Weltweit gibt es inzwischen über 10.000 Studien und Forschungsarbeiten rund um die Auswirkungen elektromagnetischer Felder. Ein klarer Beweis gesundheitlicher Beeinträchtigung ergibt sich für Leitgeb aus diesen nicht. „Werden die von der WHO empfohlenen Grenzwerte - wie etwa in Österreich - eingehalten, sind Beeinträchtigungen nach dem derzeitigen Stand des Wissens auszuschließen.” Studien, die auf Zusammenhänge etwa mit dem Anstieg von Leukämieraten hinweisen, würden zu kurze Zeiträume beobachten.

Keine Gefahr besteht laut einer ak -tuellen heimischen Studie zur Wirkung elektromagnetischer Felder auch beim umstrittenen Bereich des boomenden Mobilfunks: „Der Betrieb von Mobilfunksendestationen stellt keine Gesundheitsgefährdung dar”, betont Univ. Prof. Michael Kunze, Vorstand des Instituts für Sozialmedizin an der Universität Wien. Gesundheitliche Folgen bei der Nutzung von Handys würden sich höchstens durch stärkere Unachtsamkeit beim Telefonieren während des Autofahrens ergeben.

Allerdings liegt auch in diesem Bereich die Betonung der Aussagen auf „nach derzeitigem Stand des Wissens”. Auf EU-Ebene ist vor kurzem ein groß angelegtes Forschungsprojekt angelaufen, das die möglichen Auswirkungen von Handys und Mobilfunkstationen im speziellen bzw. hochfrequenter elektromagnetischer Strahlung im allgemeinen weiter untersuchen soll.

Besondere Aufmerksamkeit gilt dabei auch der Frage, ob die Krebsrate durch die immer stärker flächendeckende Versorgung mit Mobilfunksendestationen steigen könnte.

Unbestritten ist, daß es Menschen gibt - die Angaben schwanken zwischen ein und fünf Prozent der Bevölkerung —, die auf elektromagnetische Felder sensibler reagieren. Gerade auch bei Babys und Kleinkindern können Befindlichkeitsstörungen auftreten.

Der diplomierte Physiker Michael Karus aus Deutschland verwies bei der Veranstaltung der Umweltakademie auf die möglichen Auswirkungen von Elektrosmog auf das Hormon Melatonin - gerade nächtliche Einwirkungen könnten Phänomene wie Schlafstörungen, ständige Müdigkeit, Leistungsabfall und Schwächung des Immunsystems mit verursachen. Er fordert eine weitere intensive Auseinandersetzung mit den Wirkungen nieder- und hochfrequenter elektromagnetischer Felder und empfahl generell:

■ Netzbetriebene Babyphone im Abstand von etwa einem Mieter vom Kopf des Babys aufstellen.

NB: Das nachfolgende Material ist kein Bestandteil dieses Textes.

Lemma meets_e_front d : meets_e d -> front d <> None /\ front d <> Some Defs.AC.
Proof. by case: d. Qed.

Lemma meets_e_backAC d : meets_e d -> back d <> Some Defs.AC.
Proof. by case: d. Qed.

Lemma front_Nmeets_e d : ~~ meets_e d -> front d <> None -> front d = Some Defs.AC.
Proof. by case: d. Qed.

Lemma back_Nmeets_e d : ~~ meets_e d -> back d <> None -> back d = Some Defs.AC.
Proof. by case: d. Qed.

Lemma ordS_val n (j : 'I_n) : val (ordS j) = if j.+1 < n then j.+1 else 0.
Proof.
rewrite /ordS /=; case: ifP => h; first by rewrite modn_small.
have -> : j.+1 = n by apply/eqP; rewrite eqn_leq ltn_ord leqNgt h.
by rewrite modnn.
Qed.

Section Disks.
Variables (n : nat) (N : 'I_n -> dtype -> nat).

Definition dix (D : disk n N) : nat := val (projT2 (projT2 D)).

Lemma disk_ext (D D' : disk n N) :
  dtet D = dtet D' -> ddt D = ddt D' -> dix D = dix D' -> D = D'.
Proof.
case: D => j [d i]; case: D' => j' [d' i']; rewrite /dtet /ddt /dix /= => E1 E2 E3.
by subst j' d'; rewrite (val_inj E3).
Qed.

Lemma dix_lt (D : disk n N) : dix D < N (dtet D) (ddt D).
Proof. by case: D => j [d i]; rewrite /dix /=. Qed.

Lemma card_disk (j : 'I_n) (Q : pred dtype) :
  #|[pred D : disk n N | (dtet D == j) && Q (ddt D)]| = \sum_(d | Q d) N j d.
Proof.
rewrite -sum1_card -(@sig_big_dep _ _ _ _ (fun i => {d : dtype & 'I_(N i d)})
  (pred1 j) (fun i x => Q (tag x)) (fun _ _ => 1)) /= big_pred1_eq.
transitivity (\sum_(p : {d : dtype & 'I_(N j d)} | Q (tag p) && xpredT (tagged p)) 1).
  by apply: eq_bigl => p; rewrite andbT.
rewrite -(@sig_big_dep _ _ _ _ (fun d => 'I_(N j d)) Q (fun _ _ => true) (fun _ _ => 1)).
by apply: eq_bigr => d _; rewrite sum1_card card_ord.
Qed.

End Disks.

Lemma matching_etype n (N : 'I_n -> dtype -> nat) (j : 'I_n) s' : matching N ->
  N j (etype false s') + N j (etype true s')
  = N (ordS j) (etype s' false) + N (ordS j) (etype s' true).
Proof.
move=> /(_ j (if s' then Defs.A2 else Defs.A1)).
by rewrite big_mkcond [in X in _ = X]big_mkcond !sum_dtype; case: s' => /= h; lia.
Qed.

Section Graph.
Variables (n : nat) (Hn : 0 < n).

Definition u_first : gvert n := (false, ord0).
Definition u_last : gvert n := (false, ord_max).

Definition gedge0 : gedge n := exist (fun x : 'I_n * dtype => meets_e x.2) (Ordinal Hn, TX1) isT.
Definition gedge_of (j : 'I_n) (d : dtype) : gedge n := insubd gedge0 (j, d).

Lemma gedge_ofE j d : meets_e d -> val (gedge_of j d) = (j, d).
Proof. by move=> h; rewrite /gedge_of insubdK. Qed.

Lemma out_cap_first (N : 'I_n -> dtype -> nat) :
  \sum_(x : gedge n | gsrc x == u_first) gcap N x = N (Ordinal Hn) TX1 + N (Ordinal Hn) QUW.
Proof.
rewrite -(@big_sub_cond _ _ addn _ [pred y : 'I_n * dtype | meets_e y.2]
  (fun y => (side (back y.2), widen_ord (leqnSn n) y.1) == u_first) (fun y => N y.1 y.2)).
rewrite (eq_bigl (fun y => (y.1 == Ordinal Hn) && (meets_e y.2 && ~~ bside y.2))); last first.
  move=> [j d]; rewrite !inE /= xpair_eqE /bside.
  have -> : (widen_ord (leqnSn n) j == ord0) = (j == Ordinal Hn).
    by apply/eqP/eqP => h; apply/val_inj; move/(congr1 val): h.
  by case: (j == _); case: (meets_e d); case: (side _).
rewrite -(pair_big_dep (pred1 (Ordinal Hn)) (fun _ d => meets_e d && ~~ bside d)
  (fun j d => N j d)) /=.
by rewrite big_pred1_eq big_mkcond sum_dtype /= !addn0 ?add0n.
Qed.

End Graph.

Section CurveGluing.
Variables (n : nat) (N : 'I_n -> dtype -> nat).
Hypothesis Hmatch : matching N.
(* Closed curves around e; curve c crosses the face F_j on side [cside c j]. *)
Variables (C : finType) (cside : C -> nat -> bool).
Hypothesis cside_period : forall c, cside c n = cside c 0.

Definition curves_of (j : nat) (d : dtype) :=
  [pred c : C | (cside c j == bside d) && (cside c j.+1 == fside d)].

Hypothesis card_curves_of : forall (j : 'I_n) d, meets_e d -> #|curves_of j d| = N j d.

Local Notation disk := (disk n N).

Definition curve_of (D : disk) : option C :=
  onth (enum (curves_of (dtet D) (ddt D))) (dix D).

Definition curve_disk (j : 'I_n) (c : C) (D0 : disk) : disk :=
  let d := etype (cside c j) (cside c j.+1) in
  match @insub _ (fun k => k < N j d) _ (index c (enum (curves_of j d))) with
  | Some i => existT (fun j => {d : dtype & 'I_(N j d)}) j (existT (fun d => 'I_(N j d)) d i)
  | None => D0
  end.

Definition front_AC (j : 'I_n) :=
  [pred D : disk | (dtet D == j) && (front (ddt D) == Some Defs.AC)].
Definition back_AC (j : 'I_n) :=
  [pred D : disk | (dtet D == j) && (back (ddt D) == Some Defs.AC)].

Definition curve_gluing (D : disk) : disk :=
  if meets_e (ddt D) then
    if curve_of D is Some c then curve_disk (ordS (dtet D)) c D else D
  else nth D (enum (back_AC (ordS (dtet D)))) (index D (enum (front_AC (dtet D)))).

Lemma cside_ordS c (j : 'I_n) : cside c (ordS j) = cside c j.+1.
Proof.
rewrite ordS_val; case: ifP => // h.
by have -> : j.+1 = n by apply/eqP; rewrite eqn_leq ltn_ord leqNgt h.
Qed.

Lemma curve_ofP (D : disk) : meets_e (ddt D) ->
  exists c, [/\ curve_of D = Some c, c \in curves_of (dtet D) (ddt D)
              & index c (enum (curves_of (dtet D) (ddt D))) = dix D].
Proof.
move=> he; have hi : dix D < size (enum (curves_of (dtet D) (ddt D))).
  by rewrite -cardE card_curves_of // dix_lt.
have [c [h1 h2 h3]] := onth_some hi (enum_uniq _).
by exists c; split => //; rewrite mem_enum in h2.
Qed.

■ Ein Abstand von ein bis 1,5 Metern sollte im Schlafbereich (auch von Erwachsenen) sowohl bei Radioweckern und ähnlichen Geräten als auch bei Geräten mit Transformatoren (z.B. einige Lampen), die auch im ausgeschalteten Zustand Felder abgeben, eingehalten werden.

■ Besondere Maßnahmen wie vorübergehende Netzfreischaltung oder Abschirmtapeten sind nur bei besonderer Empfindlichkeit und bei speziellen ExpositionsVerhältnissen sinnvoll.

■ Mobiltelefonieren sollte man - besonders in Innenräumen, da hier die Leistung des Handys steigt - auf ein „vernünftiges Maß” reduzieren und im Auto sollte man mit Außenantenne telefonieren oder strahlungsarme Handys bevorzugen.